Diseases caused by alcohol abuse

The changes in character following chronic alcohol abuse can eventually reach such degrees that those affected become unbearable to those around them and have to be institutionalized. Unfortunately, this increasingly affects adolescents as well. Chronic alcohol consumption also leads in many cases to severe changes in the organs. Inflammation of the gastrointestinal tract, liver shrinkage, skin changes and more are frequently occurring consequences of excessive alcohol abuse. Most of these damages are nowadays attributed to vitamin deficiency. The vitamin deficiency occurs because the alcoholic meets his energy needs to a large extent through alcohol and not, as necessary, through normal food rich in vitamins.

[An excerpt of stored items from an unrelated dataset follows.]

(* Let $Q$ be a groupoid quantale with base locale $A$ and let $X$ be a principal $Q$-locale over a locale $M$. Then $X$ is a fully open principal $G$-bundle over $M$, where $G=\mathcal G(Q)$ is the open groupoid of $Q$ (with anchor $p$ given by $p^*(a)=a\triangleright1_X$, action $a_X$ with $a_X^*(x)=\bigvee_{q\cdot y\le x}q\otimes y$, and bundle map $\pi:X\to M$ the open surjection whose direct image is $\tilde\varsigma$).
   Context: Let $A$ be a locale. A groupoid quantale $Q$ (base locale $A$) is an involutive quantale which is an $A$-$A$-bimodule (actions $a\triangleright q$, $q\triangleleft a$) with $(a\triangleright x)y=a\triangleright(xy)$, $(x\triangleleft a)y=x(a\triangleright y)$, $(xy)\triangleleft a=x(y\triangleleft a)$, $(a\triangleright x\triangleleft b)^*=b\triangleright x^*\triangleleft a$; a frame with $(a\triangleright q)\wedge m=a\triangleright(q\wedge m)$, $m\wedge(q\triangleleft a)=(q\wedge m)\triangleleft a$; equipped with a sup-lattice homomorphism $\varsigma_Q:Q\to A$ with $\varsigma_Q(1_Q)=1_A$, $\varsigma_Q(x)\triangleright y\le xx^*y$, $\varsigma_Q(x)\triangleright x=x$, $\varsigma_Q(a\triangleright x)=a\wedge\varsigma_Q(x)$, and a frame homomorphism $\upsilon:Q\to A$ with $\upsilon(a\triangleright1_Q)=a=\upsilon(1_Q\triangleleft a)$; the right adjoint of $Q\otimes_AQ\to Q$ preserves joins; $\bigvee_{xy\le a}\upsilon(x)\triangleright y=a$, $\upsilon(a)\triangleright1_Q=\bigvee_{xx^*\le a}x$. Its open groupoid $G=\mathcal G(Q)$ has $\mathcal O(G_1)=Q$, $\mathcal O(G_0)=A$, $d^*(a)=a\triangleright1_Q$, $r^*(a)=1_Q\triangleleft a$, $d_!=\varsigma_Q$, $u^*=\upsilon$, with quantale $\mathcal O(G)=Q$. A $Q$-module is a locale $X$ with a left $Q$-action $q\cdot x$ and unital left $A$-module structure $a\triangleright x$ with $(a\triangleright q)\cdot x=a\triangleright(q\cdot x)$, $(q\triangleleft a)\cdot x=q\cdot(a\triangleright x)$, $a\triangleright(x\wedge y)=(a\triangleright x)\wedge y$. A pre-Hilbert $Q$-module has $\langle-,-\rangle:X\times X\to Q$ with $\langle q\cdot x,y\rangle=q\langle x,y\rangle$, $a\triangleright\langle x,1_X\rangle=\langle a\triangleright x,1_X\rangle$, $\langle\bigvee x_\alpha,y\rangle=\bigvee\langle x_\alpha,y\rangle$, $\langle x,y\rangle=\langle y,x\rangle^*$. A stably supported $Q$-module has in addition a monotone $\varsigma_X:X\to A$ with $\varsigma_X(1_X)=1_A$, $\varsigma_X(x)\triangleright1_X\le\langle x,x\rangle\cdot1_X$, $\varsigma_X(x)\triangleright x=x$, $\varsigma_X(q\cdot x)\le\varsigma_Q(q)$. With $Q\otimes_AX$ the quotient of $Q\otimes X$ by $(q\triangleleft a)\otimes x=q\otimes(a\triangleright x)$, a $Q$-locale is a stably supported $Q$-module such that $\alpha_*:X\to Q\otimes_AX$, $\alpha_*(x)=\bigvee_{q\cdot y\le x}q\otimes y$, preserves joins, and $\bigvee_{q\cdot y\le x}\upsilon(q)\triangleright y=x$ for all $x$. A principal $Q$-locale over a locale $M$ is a $Q$-locale $X$ such that (P1) $X$ is an open $M$-locale, i.e. there is an open map of locales $\pi:X\to M$, with direct image $\tilde\varsigma=\pi_!$ satisfying $\tilde\varsigma(1_X)=1_M$; (P2) $\tilde\varsigma(q\cdot x)=\tilde\varsigma(\varsigma_Q(q^* )\triangleright x)$ for all $q\in Q$, $x\in X$; (P3) the map $\varphi:X\otimes_MX\to Q\otimes_AX$, $\varphi(x\otimes y)=\bigvee_{q\cdot z\le x}q\otimes(z\wedge y)$, is a frame isomorphism. For an open groupoid $G$, a $G$-locale is a locale $X$ with anchor $p:X\to G_0$ and associative unital action $a:G_1\times_{G_0}X\to X$ with $p\circ a=r\circ\pi_1$. A principal $G$-bundle over $M$ is a $G$-locale with $\pi:X\to M$, $\pi\circ a=\pi\circ\pi_2$, $\langle a,\pi_2\rangle:G_1\times_{G_0}X\to X\times_MX$ an isomorphism and $\pi$ an open surjection; it is fully open if moreover $p$ is an open surjection. *)

(* Frames/locales, quantale modules and the
   tensor products Q (x)_A X, X (x)_M X, Q (x)_A Q, Q (x)_A Q (x)_A X are
   developed concretely: a tensor element is represented as a "bimorphic"
   down-set of pairs, i.e. a predicate S on L x N that is down-closed,
   closed under joins in each variable separately, and saturated for the
   balancing relation.  This is the standard concrete model of the tensor
   product of sup-lattices (with balancing) and, for frames, of the frame
   coproduct / pushout, i.e. of the fibred product of locales. *)


Record Frame := {
  fcar :> Type;
  le : fcar -> fcar -> Prop;
  sup : (fcar -> Prop) -> fcar;
  meet : fcar -> fcar -> fcar;
  le_refl : forall x, le x x;
  le_trans : forall x y z, le x y -> le y z -> le x z;
  le_antisym : forall x y, le x y -> le y x -> x = y;
  sup_ub : forall (S : fcar -> Prop) x, S x -> le x (sup S);
  sup_least : forall (S : fcar -> Prop) y, (forall x, S x -> le x y) -> le (sup S) y;
  meet_glb : forall x y z, le z (meet x y) <-> (le z x /\ le z y);
  meet_sup : forall x (S : fcar -> Prop),
      meet x (sup S) = sup (fun y => exists s, S s /\ y = meet x s)
}.

Arguments le {f} _ _.
Arguments sup {f} _.
Arguments meet {f} _ _.

Definition top (F : Frame) : F := sup (fun _ : F => True).

Definition img {X Y : Type} (f : X -> Y) (P : X -> Prop) : Y -> Prop :=
  fun y => exists x, P x /\ y = f x.

Definition sup_hom {L N : Frame} (f : L -> N) : Prop :=
  forall P : L -> Prop, f (sup P) = sup (img f P).

Definition frame_hom {L N : Frame} (f : L -> N) : Prop :=
  sup_hom f /\ (forall x y, f (meet x y) = meet (f x) (f y)) /\ f (top L) = top N.

(* f^* : M -> X is the inverse image of an open map with direct image g *)
Definition open_inverse_image {M X : Frame} (fstar : M -> X) (fshriek : X -> M) : Prop :=
  frame_hom fstar /\
  (forall x m, le (fshriek x) m <-> le x (fstar m)) /\
  (forall x m, fshriek (meet x (fstar m)) = meet (fshriek x) m).

Definition open_surjection {M X : Frame} (fstar : M -> X) : Prop :=
  (exists fshriek : X -> M, open_inverse_image fstar fshriek) /\
  (forall m m', fstar m = fstar m' -> m = m').

Section Tensor.
Variables (L N : Frame) (B : L -> N -> L -> N -> Prop).

Definition tclosed (S : L -> N -> Prop) : Prop :=
  (forall l n l' n', S l n -> le l' l -> le n' n -> S l' n') /\
  (forall (P : L -> Prop) n, (forall l, P l -> S l n) -> S (sup P) n) /\
  (forall l (P : N -> Prop), (forall n, P n -> S l n) -> S l (sup P)) /\
  (forall l n l' n', B l n l' n' -> (S l n <-> S l' n')).

Definition tgen (R : L -> N -> Prop) : L -> N -> Prop :=
  fun l n => forall T, tclosed T -> (forall l' n', R l' n' -> T l' n') -> T l n.

Definition tpure (l : L) (n : N) : L -> N -> Prop :=
  tgen (fun l' n' => l' = l /\ n' = n).

Definition tjoin (F : (L -> N -> Prop) -> Prop) : L -> N -> Prop :=
  tgen (fun l n => exists S, F S /\ S l n).

Definition tmeet (S T : L -> N -> Prop) : L -> N -> Prop :=
  fun l n => S l n /\ T l n.

Definition ttop : L -> N -> Prop := fun _ _ => True.

Definition teq (S T : L -> N -> Prop) : Prop := forall l n, S l n <-> T l n.

Definition frame_hom_into (Y : Frame) (f : Y -> L -> N -> Prop) : Prop :=
  (forall y, tclosed (f y)) /\
  (forall P : Y -> Prop, teq (f (sup P)) (tjoin (img f P))) /\
  (forall x y, teq (f (meet x y)) (tmeet (f x) (f y))) /\
  teq (f (top Y)) ttop.

End Tensor.

Arguments tclosed {L N} B S.
Arguments tgen {L N} B R _ _.
Arguments tpure {L N} B l n _ _.
Arguments tjoin {L N} B F _ _.
Arguments tmeet {L N} S T _ _.
Arguments ttop {L N} _ _.
Arguments teq {L N} S T.
Arguments frame_hom_into {L N} B {Y} f.

Definition tensor_hom {L N L' N' : Frame}
    (B : L -> N -> L -> N -> Prop) (B' : L' -> N' -> L' -> N' -> Prop)
    (h : (L -> N -> Prop) -> (L' -> N' -> Prop)) : Prop :=
  (forall S, tclosed B S -> tclosed B' (h S)) /\
  (forall S T, tclosed B S -> tclosed B T -> teq S T -> teq (h S) (h T)) /\
  (forall F, (forall S, F S -> tclosed B S) -> teq (h (tjoin B F)) (tjoin B' (img h F))) /\
  (forall S T, tclosed B S -> tclosed B T -> teq (h (tmeet S T)) (tmeet (h S) (h T))) /\
  teq (h ttop) ttop.

Definition tensor_iso {L N L' N' : Frame}
    (B : L -> N -> L -> N -> Prop) (B' : L' -> N' -> L' -> N' -> Prop)
    (h : (L -> N -> Prop) -> (L' -> N' -> Prop)) : Prop :=
  tensor_hom B B' h /\
  exists g : (L' -> N' -> Prop) -> (L -> N -> Prop),
    tensor_hom B' B g /\
    (forall S, tclosed B S -> teq (g (h S)) S) /\
    (forall T, tclosed B' T -> teq (h (g T)) T).

Record QData (A : Frame) := {
  Qf :> Frame;
  qmul : Qf -> Qf -> Qf;
  qinv : Qf -> Qf;
  qlact : A -> Qf -> Qf;
  qract : Qf -> A -> Qf;
  qsupp : Qf -> A;
  qups : Qf -> A
}.

Arguments qmul {A q} _ _.
Arguments qinv {A q} _.
Arguments qlact {A q} _ _.
Arguments qract {A q} _ _.
Arguments qsupp {A q} _.
Arguments qups {A q} _.

Section GQ.
Variables (A : Frame) (Q : QData A).

(* balancing relation of Q (x)_A Q:  (x <| a) (x) y = x (x) (a |> y) *)
Definition BQQ (l n l' n' : Q) : Prop :=
  exists a : A, l = qract l' a /\ n' = qlact a n.

Definition qmu (S : Q -> Q -> Prop) : Q :=
  sup (fun z => exists x y, S x y /\ z = qmul x y).

Definition qmu_radj (q : Q) : Q -> Q -> Prop :=
  tjoin BQQ (fun T => tclosed BQQ T /\ le (qmu T) q).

This vitamin deficiency sufficiently explains the fact that organic damage occurs more easily in adolescents than in adults under alcohol abuse, because the growing body has a high vitamin requirement. For all these reasons, it must be welcomed that the Youth Protection Act (JuSchG) also stipulates a ban on serving and selling alcoholic beverages to children and adolescents under the age of 16 and a restriction on serving alcoholic beverages to adolescents between the ages of 16 and 18, regardless of whether the adolescents are alone or accompanied by their parents or other adults. Violations of this law are punishable by stiff prison sentences or fines. However, these laws will not be fully effective until they are understood, advocated and supported by the people who are responsible for the education of children and adolescents: parents, teachers and educators.